The N100 billion notes were the first tranche of the fixed-rate senior unsecured bonds maturing in April 2025, attracting the attention of a wide range of high-quality investors including domestic pension funds, asset managers, insurance companies, banks and international funds managers.
Apparently, due to the success of the first tranche of the exercise, the cement giant is considering sourcing more funds from the local market to fund its expansion projects and others.
In the notice issued yesterday, the firm said it has already “obtained approval from its board of directors to access the capital markets for medium to long-term debt funding.”

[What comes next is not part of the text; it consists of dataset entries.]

Lemma tto_symbol_entry_31 w b v :
  Cnorm2 w < 1 -> tto_entry w (tto_symbol w b) 3 1 v -> v = b 3%nat 1%nat.
Proof.
  intros hw H; apply (Cser_cv_unique _ _ _ (tto_entry_column_delta w _ 0 v ltac:(lia) H)).
  replace (b 3%nat 1%nat)
    with (Cpsum (fun n => Cmul (tto_symbol w b (Z.of_nat n - Z.of_nat 0)%Z) (Cconj (ebasis w 3 n))) 2).
  - apply Cser_cv_finite; intros n Hn.
    rewrite tto_symbol_finitely_supported by lia; Cx_ring.
  - pose proof (knorm_neq0 w hw); apply Cx_ext; simpl; field; assumption.
Qed.

Lemma tto_conditions_in_TTO w b : Cnorm2 w < 1 -> tto_conditions w b -> in_TTO w b.
Proof.
  intros hw [E22 [E23 [E32 E33]]].
  set (phi := tto_symbol w b).
  assert (determined : forall i j x, (1 <= j <= 3)%nat ->
            (forall v, tto_entry w phi i j v -> v = x) -> tto_entry w phi i j x).
  { intros i j x Hj Hx.
    destruct (tto_entry_exists_finitely_supported w phi 2 i j hw
                (tto_symbol_finitely_supported w b) Hj) as [v Hv].
    now rewrite <- (Hx v Hv). }
  assert (H11 : tto_entry w phi 1 1 (b 1%nat 1%nat)).
  { apply determined; [lia|]; intros v Hv.
    exact (tto_entry_toeplitz_block w phi 0 0 v ltac:(lia) ltac:(lia) Hv). }
  assert (H12 : tto_entry w phi 1 2 (b 1%nat 2%nat)).
  { apply determined; [lia|]; intros v Hv.
    exact (tto_entry_toeplitz_block w phi 0 1 v ltac:(lia) ltac:(lia) Hv). }
  assert (H21 : tto_entry w phi 2 1 (b 2%nat 1%nat)).
  { apply determined; [lia|]; intros v Hv.
    exact (tto_entry_toeplitz_block w phi 1 0 v ltac:(lia) ltac:(lia) Hv). }
  assert (H22 : tto_entry w phi 2 2 (b 2%nat 2%nat)).
  { apply determined; [lia|]; intros v Hv; rewrite E22.
    exact (tto_entry_toeplitz_block w phi 1 1 v ltac:(lia) ltac:(lia) Hv). }
  assert (H13 : tto_entry w phi 1 3 (b 1%nat 3%nat)).
  { apply determined; [lia|]; intros v Hv; exact (tto_symbol_entry_13 w b v hw Hv). }
  assert (H31 : tto_entry w phi 3 1 (b 3%nat 1%nat)).
  { apply determined; [lia|]; intros v Hv; exact (tto_symbol_entry_31 w b v hw Hv). }
  assert (H23 : tto_entry w phi 2 3 (b 2%nat 3%nat)).
  { apply determined; [lia|]; intros v Hv; rewrite E23; exact (tto_entry_23 w phi _ _ _ Hv H13 H12). }
  assert (H32 : tto_entry w phi 3 2 (b 3%nat 2%nat)).
  { apply determined; [lia|]; intros v Hv; rewrite E32; exact (tto_entry_32 w phi _ _ _ Hv H21 H31). }
  assert (H33 : tto_entry w phi 3 3 (b 3%nat 3%nat)).
  { apply determined; [lia|]; intros v Hv; rewrite E33.
    exact (tto_entry_33 w phi _ _ _ _ _ _ _ hw Hv H32 H13 H12 H11 H21 H31). }
  exists phi; split; [exact (L2_finitely_supported phi 2 (tto_symbol_finitely_supported w b))|].
  intros [|[|[|[|i]]]] [|[|[|[|j]]]] Hi Hj; try lia; assumption.
Qed.

Theorem mainTheorem11 (w : Cx) (hw0 : w <> C0) (hw1 : Cnorm2 w < 1)
  (b : nat -> nat -> Cx) :
  in_TTO w b <->
  (b 2%nat 2%nat = b 1%nat 1%nat /\
   b 2%nat 3%nat = Cadd (Cmul (Cconj w) (b 1%nat 3%nat))
                        (Cmul (RtoC (/ knorm w)) (b 1%nat 2%nat)) /\
   b 3%nat 2%nat = Cadd (Cmul (RtoC (/ knorm w)) (b 2%nat 1%nat))
                        (Cmul w (b 3%nat 1%nat)) /\
   b 3%nat 3%nat =
     Cadd (b 1%nat 1%nat)
      (Cadd (Cmul (Cmul (Cpow (Cconj w) 2) (RtoC (knorm w))) (b 1%nat 3%nat))
       (Cadd (Cmul (Cconj w) (b 1%nat 2%nat))
        (Cadd (Cmul w (b 2%nat 1%nat))
              (Cmul (Cmul (Cpow w 2) (RtoC (knorm w))) (b 3%nat 1%nat)))))).
Proof.
  split; [apply in_TTO_conditions | apply tto_conditions_in_TTO]; assumption.
Qed.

However, the size of the second tranche was not stated in the disclosure, though there are indications that the company may request almost or higher than the amount raised in the first tranche.
In the statement, Dangote Cement, however, emphasised that, “The bonds will be issued imminently, subject to favourable market conditions.”
Already, the company has received the “relevant approvals,” including the Securities and Exchange Commission (SEC) in respect of the bonds.
“The company’s management has disclosed that the proceeds of the bonds will be applied towards funding expansion projects, refinance existing short-term debt and for general corporate purposes,” the notice said.
Dangote Cement Plc is Nigeria’s largest company by market capitalisation and the largest cement producer in Sub Saharan Africa with an installed capacity of 45.6Mta across operations in 10 African countries.
It has consistently reported robust operating and net profit margins compared to its peers in the region and in other jurisdictions. The company has adequate working capital, satisfactory cash flow, and a very experienced management team.